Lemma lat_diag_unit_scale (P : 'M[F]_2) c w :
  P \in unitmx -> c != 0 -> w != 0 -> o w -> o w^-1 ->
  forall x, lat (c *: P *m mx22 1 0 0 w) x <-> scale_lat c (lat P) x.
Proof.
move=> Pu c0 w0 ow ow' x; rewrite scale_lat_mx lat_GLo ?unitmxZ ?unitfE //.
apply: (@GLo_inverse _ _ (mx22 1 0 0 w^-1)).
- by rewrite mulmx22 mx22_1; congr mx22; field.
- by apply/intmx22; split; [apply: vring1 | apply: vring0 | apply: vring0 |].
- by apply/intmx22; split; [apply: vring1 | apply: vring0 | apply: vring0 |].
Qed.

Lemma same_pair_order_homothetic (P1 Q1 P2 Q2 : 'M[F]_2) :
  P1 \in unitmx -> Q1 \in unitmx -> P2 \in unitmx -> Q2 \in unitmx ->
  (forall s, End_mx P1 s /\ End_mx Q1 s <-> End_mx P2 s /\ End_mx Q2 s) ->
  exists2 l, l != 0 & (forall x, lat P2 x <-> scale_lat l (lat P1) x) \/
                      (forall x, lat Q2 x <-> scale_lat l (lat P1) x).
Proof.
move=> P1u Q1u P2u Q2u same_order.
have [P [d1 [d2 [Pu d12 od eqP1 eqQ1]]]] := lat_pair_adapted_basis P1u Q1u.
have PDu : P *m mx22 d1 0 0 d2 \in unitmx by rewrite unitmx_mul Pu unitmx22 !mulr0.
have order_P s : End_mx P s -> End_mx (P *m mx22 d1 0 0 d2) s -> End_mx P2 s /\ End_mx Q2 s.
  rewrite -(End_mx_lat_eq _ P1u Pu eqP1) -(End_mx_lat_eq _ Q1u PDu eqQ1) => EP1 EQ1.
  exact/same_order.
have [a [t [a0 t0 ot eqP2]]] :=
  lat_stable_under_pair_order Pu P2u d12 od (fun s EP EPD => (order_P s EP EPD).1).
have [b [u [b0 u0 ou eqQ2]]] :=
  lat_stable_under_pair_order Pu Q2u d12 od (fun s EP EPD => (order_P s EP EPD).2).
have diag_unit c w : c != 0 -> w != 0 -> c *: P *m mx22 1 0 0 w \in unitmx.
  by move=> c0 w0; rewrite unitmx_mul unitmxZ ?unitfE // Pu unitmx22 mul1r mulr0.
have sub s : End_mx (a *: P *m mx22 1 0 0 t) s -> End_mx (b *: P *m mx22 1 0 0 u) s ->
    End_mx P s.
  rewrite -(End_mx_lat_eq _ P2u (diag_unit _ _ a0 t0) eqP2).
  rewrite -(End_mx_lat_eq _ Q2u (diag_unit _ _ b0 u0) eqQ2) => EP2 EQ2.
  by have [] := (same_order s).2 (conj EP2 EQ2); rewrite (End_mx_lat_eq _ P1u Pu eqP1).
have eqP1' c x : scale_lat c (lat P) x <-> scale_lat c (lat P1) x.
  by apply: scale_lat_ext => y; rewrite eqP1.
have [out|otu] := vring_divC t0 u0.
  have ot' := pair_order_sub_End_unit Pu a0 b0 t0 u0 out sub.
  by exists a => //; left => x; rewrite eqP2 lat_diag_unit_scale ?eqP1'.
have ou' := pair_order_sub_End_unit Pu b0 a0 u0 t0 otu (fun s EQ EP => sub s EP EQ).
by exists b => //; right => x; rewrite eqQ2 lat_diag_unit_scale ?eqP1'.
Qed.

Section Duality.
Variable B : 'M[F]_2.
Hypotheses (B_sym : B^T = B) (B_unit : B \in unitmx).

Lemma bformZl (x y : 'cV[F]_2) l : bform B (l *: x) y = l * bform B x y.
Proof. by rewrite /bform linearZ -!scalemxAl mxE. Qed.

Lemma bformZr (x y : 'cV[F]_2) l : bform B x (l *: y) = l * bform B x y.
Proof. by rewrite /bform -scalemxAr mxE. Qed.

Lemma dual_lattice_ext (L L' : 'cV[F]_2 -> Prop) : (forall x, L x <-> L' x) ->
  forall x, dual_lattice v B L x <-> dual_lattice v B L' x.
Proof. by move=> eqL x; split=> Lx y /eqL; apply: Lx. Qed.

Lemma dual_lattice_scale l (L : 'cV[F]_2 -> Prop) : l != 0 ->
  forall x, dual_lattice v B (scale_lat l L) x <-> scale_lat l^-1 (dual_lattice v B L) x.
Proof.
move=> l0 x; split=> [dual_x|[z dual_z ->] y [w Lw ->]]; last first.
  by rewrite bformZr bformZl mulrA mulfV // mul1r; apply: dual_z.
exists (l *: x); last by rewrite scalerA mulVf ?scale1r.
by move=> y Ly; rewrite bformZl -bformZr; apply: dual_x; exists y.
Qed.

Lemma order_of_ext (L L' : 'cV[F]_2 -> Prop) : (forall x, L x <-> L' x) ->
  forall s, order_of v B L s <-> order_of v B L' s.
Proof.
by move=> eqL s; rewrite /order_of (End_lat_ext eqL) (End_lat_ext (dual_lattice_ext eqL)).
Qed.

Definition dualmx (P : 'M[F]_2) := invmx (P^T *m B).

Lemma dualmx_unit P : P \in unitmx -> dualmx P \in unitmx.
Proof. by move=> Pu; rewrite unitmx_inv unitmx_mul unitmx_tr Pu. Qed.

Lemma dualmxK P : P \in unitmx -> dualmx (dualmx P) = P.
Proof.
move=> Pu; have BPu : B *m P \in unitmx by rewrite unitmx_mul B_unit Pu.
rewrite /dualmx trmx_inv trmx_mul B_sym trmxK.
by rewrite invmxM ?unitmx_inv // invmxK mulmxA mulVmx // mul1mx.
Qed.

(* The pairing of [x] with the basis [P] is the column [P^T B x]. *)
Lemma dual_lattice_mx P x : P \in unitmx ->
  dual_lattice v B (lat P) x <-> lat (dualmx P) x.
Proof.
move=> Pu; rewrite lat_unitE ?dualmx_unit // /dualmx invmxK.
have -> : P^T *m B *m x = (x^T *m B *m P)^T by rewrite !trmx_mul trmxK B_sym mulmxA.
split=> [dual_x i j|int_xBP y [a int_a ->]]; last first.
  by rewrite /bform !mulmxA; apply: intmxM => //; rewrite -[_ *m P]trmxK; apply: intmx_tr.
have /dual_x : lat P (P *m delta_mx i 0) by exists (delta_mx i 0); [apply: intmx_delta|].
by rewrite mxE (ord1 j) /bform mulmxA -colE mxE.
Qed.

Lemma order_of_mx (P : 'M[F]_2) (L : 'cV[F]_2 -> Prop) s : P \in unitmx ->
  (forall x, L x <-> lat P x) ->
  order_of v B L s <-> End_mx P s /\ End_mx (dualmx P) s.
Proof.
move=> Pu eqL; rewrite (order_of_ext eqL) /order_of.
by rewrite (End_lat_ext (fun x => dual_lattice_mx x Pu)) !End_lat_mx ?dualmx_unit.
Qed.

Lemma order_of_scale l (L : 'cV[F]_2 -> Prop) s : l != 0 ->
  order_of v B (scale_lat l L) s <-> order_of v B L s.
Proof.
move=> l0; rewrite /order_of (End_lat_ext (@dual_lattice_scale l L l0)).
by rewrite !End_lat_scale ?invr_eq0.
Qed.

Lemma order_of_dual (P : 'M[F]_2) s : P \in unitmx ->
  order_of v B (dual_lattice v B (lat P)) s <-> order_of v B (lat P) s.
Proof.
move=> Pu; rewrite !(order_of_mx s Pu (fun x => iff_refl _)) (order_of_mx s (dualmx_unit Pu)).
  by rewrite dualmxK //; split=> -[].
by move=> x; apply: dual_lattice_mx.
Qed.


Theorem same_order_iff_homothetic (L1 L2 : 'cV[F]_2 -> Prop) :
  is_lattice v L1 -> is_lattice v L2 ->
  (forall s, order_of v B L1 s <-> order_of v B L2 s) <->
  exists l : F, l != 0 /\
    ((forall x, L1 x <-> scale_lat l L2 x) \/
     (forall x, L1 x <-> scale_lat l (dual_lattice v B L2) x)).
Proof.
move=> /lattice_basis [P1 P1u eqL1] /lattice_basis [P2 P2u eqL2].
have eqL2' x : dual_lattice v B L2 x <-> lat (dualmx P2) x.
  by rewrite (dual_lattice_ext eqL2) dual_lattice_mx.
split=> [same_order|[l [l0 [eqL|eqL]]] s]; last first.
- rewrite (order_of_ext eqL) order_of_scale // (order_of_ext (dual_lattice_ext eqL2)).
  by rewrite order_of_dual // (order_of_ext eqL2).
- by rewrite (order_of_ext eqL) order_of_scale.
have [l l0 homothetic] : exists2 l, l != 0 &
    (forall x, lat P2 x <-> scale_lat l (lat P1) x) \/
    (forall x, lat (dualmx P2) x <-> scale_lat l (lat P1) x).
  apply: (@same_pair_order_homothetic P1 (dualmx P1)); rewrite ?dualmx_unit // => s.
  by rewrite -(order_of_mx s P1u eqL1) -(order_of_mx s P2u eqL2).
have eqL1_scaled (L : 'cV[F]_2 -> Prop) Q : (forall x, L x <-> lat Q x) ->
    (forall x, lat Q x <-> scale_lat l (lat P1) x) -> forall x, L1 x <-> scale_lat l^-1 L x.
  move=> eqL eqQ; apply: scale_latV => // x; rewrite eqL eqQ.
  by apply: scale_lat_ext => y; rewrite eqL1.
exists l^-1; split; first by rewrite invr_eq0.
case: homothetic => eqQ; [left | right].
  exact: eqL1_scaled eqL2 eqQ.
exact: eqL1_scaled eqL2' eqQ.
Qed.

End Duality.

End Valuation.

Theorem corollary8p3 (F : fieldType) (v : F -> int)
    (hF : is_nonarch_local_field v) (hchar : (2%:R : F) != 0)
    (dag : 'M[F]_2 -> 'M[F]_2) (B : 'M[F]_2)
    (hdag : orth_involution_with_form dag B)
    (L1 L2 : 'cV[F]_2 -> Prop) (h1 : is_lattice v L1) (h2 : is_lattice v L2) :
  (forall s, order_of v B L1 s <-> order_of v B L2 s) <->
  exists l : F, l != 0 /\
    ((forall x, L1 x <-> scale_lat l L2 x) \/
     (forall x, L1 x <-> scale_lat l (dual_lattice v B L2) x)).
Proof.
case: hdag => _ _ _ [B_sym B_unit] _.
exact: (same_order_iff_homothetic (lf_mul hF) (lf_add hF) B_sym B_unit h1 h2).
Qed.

§ §

Work to complete -> Could you retype exactly the lines above, starting at the line that contains "have eqL2' x" and ending at the line that contains "have [l l0 homothetic] : exists2 l, l != 0 &", and nothing more?

Result for this exercise ->
have eqL2' x : dual_lattice v B L2 x <-> lat (dualmx P2) x.
  by rewrite (dual_lattice_ext eqL2) dual_lattice_mx.
split=> [same_order|[l [l0 [eqL|eqL]]] s]; last first.
- rewrite (order_of_ext eqL) order_of_scale // (order_of_ext (dual_lattice_ext eqL2)).
  by rewrite order_of_dual // (order_of_ext eqL2).
- by rewrite (order_of_ext eqL) order_of_scale.
have [l l0 homothetic] : exists2 l, l != 0 &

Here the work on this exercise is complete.